Inspired by fullerene derivatives, an elegant way to achieve chirality in π-systems involves bowl-shaped structures (Figure a).[9] These curved π-systems provide a promising route to fabricate multifunctional devices[10] since they incorporate additional properties to the material in the form of permanent dipole moments[11] or columnar arrangements.[12] Among them, corannulene, sumanene, or hemifullerenes derivatives (Figure a) have been most explored due to their exciting electronic properties.[13,14] However, major drawbacks in the form of poor light absorption profiles (ranging in the near UV) or low energy barriers for the bowl-to-bowl enantiomer conversion prevent the practical use of these derivatives in chiral molecule-based devices. Thus, new guidelines for the design and procurement of chiral compounds, which comprise a correct balance between efficient optoelectronic properties and configurational stability, must be established for the development of novel functional materials.

Figure 1

(a) Representative examples of bowl-chiral molecules. (b) Molecular structure of C3-symmetric SubPcs and the corresponding M and P enantiomers. Atom color code: carbon in gray, nitrogen in blue, peripheral halogen atom in purple, axial chlorine in green, and hydrogen in white.

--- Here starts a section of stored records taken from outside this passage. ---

Lemma strictly_concave1_derive1_decr psi a b :
  strictly_concave1 psi -> (forall x, derivable psi x 1) -> a < b ->
  'D_1 psi b < 'D_1 psi a.
Proof.
move=> conc dpsi ab; pose c := (a + b) / 2.
have [ac cb] : a < c /\ c < b by rewrite /c; split; lra.
have Db_le : 'D_1 psi b <= (psi b - psi c) / (b - c).
  apply: (derive1_left_upper_bound (delta := b - c) (dpsi b)).
    by rewrite subr_gt0.
  move=> h /andP[h0 hbc].
  have [+ _] := strictly_concave1_three_chord conc (ltac:(lra) : c < b - h < b).
  by rewrite subKr => /ltW.
have Da_ge : (psi c - psi a) / (c - a) <= 'D_1 psi a.
  apply: (derive1_right_lower_bound (delta := c - a) (dpsi a)).
    by rewrite subr_gt0.
  move=> h /andP[h0 hca].
  have [_] := strictly_concave1_three_chord conc (ltac:(lra) : a < a + h < c).
  by rewrite [a + h]addrC addrK => /ltW.
have [chord_cb chord_ab] := strictly_concave1_three_chord conc (introT andP (conj ac cb)).
apply: (le_lt_trans Db_le); apply: (lt_le_trans _ Da_ge).
exact: lt_trans chord_cb chord_ab.
Qed.

End strictly_concave_derive.

Section directional_derivatives.
Variables (R : realType) (n : nat).
Implicit Types (G : 'rV[R]_n -> R) (e x : 'rV[R]_n).

Lemma difference_quotient_line G e x (t : R) :
  (fun h : R => h^-1 *: (((fun u : R => G (u *: e + x)) \o shift t) (h *: 1)
                          - G (t *: e + x)))
  = (fun h : R => h^-1 *: ((G \o shift (t *: e + x)) (h *: e) - G (t *: e + x))).
Proof.
apply/funext => h /=; have -> : h *: (1 : R) = h by rewrite /GRing.scale /= mulr1.
by rewrite scalerDl addrA.
Qed.

Lemma derivable_line G e x (t : R) :
  derivable (fun u : R => G (u *: e + x)) t 1 = derivable G (t *: e + x) e.
Proof. by rewrite /derivable difference_quotient_line. Qed.

Lemma derive_line G e x (t : R) :
  'D_1 (fun u : R => G (u *: e + x)) t = 'D_e G (t *: e + x).
Proof. by rewrite /derive difference_quotient_line. Qed.

Lemma strictly_concave_line G e x : e != 0 -> strictly_concave G ->
  strictly_concave1 (fun u : R => G (u *: e + x)).
Proof.
move=> e0 conc u1 u2 t u12 t01.
have points_neq : u1 *: e + x != u2 *: e + x.
  by rewrite (can_eq (addrK x)) -subr_eq0 -scalerBl scaler_eq0 subr_eq0 negb_or u12.
have := conc _ _ points_neq t t01.
by rewrite !scalerDr !scalerA addrACA -!scalerDl subrK scale1r.
Qed.

Lemma strictly_concave_derive_decr G e x (a b : R) :
  strictly_concave G -> (forall z, differentiable G z) -> e != 0 -> a < b ->
  'D_e G (b *: e + x) < 'D_e G (a *: e + x).
Proof.
move=> conc dG e0 ab; rewrite -!derive_line.
apply: strictly_concave1_derive1_decr ab; first exact: strictly_concave_line.
by move=> t; rewrite derivable_line; exact: diff_derivable.
Qed.

Lemma differentiable_ln (y : R) : 0 < y -> differentiable (@ln R) y.
Proof. by move=> y0; apply/derivable1_diffP; case: (is_derive1_ln y0). Qed.

Lemma derive_ln G x e : differentiable G x -> 0 < G x ->
  'D_e (fun z => ln (G z)) x = 'D_e G x / G x.
Proof.
move=> dG Gx0; have [_ ln_derive] := is_derive1_ln Gx0.
have dln := differentiable_ln Gx0.
rewrite (deriveE _ dG) (deriveE _ (differentiable_comp dG dln)) diff_comp //=.
set v := 'd G x e; have v1 : v *: (1 : R) = v by rewrite /GRing.scale /= mulr1.
by rewrite -{1}v1 linearZ -deriveE // ln_derive.
Qed.

End directional_derivatives.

Subphthalocyanines (SubPcs) (Figure b) are excellent candidates to overcome these material limitations. These well-known cone-shaped chromophores consist of three 1,3-diiminoisoindole units assembled around a boron atom.[15] Their 14π-electron aromatic core and tetrahedral geometry provide outstanding physical and optoelectronic properties in the form of strong dipole moments, excellent light absorption in the 550–650 nm range, rich redox features, and excellent charge transport capabilities. Indeed, SubPcs have already been skillfully exploited in multiple applied fields, such as photovoltaics,[16−18] nonlinear optics,[19,20] or organic optoelectronics.[21,22] Importantly, intrinsic chirality is at reach in SubPcs when prepared by cyclotrimerization of a phthalonitrile with no C2v symmetry, and the corresponding enantiomers are stable and can be isolated.[23,24] Following in-solution preparation of homochiral columnar supramolecular polymers,[25,26] enantiopure SubPcs are foreseen as exceptional candidates for the production of chiral materials. However, the minute amounts of chiral SubPc obtained so far prevent direct application.[27] Therefore, an efficient method to produce larger amounts of functionalizable enantiopure samples, as well as their in-depth characterization, is an essential step for the understanding, development, and applicability of chiral SubPcs.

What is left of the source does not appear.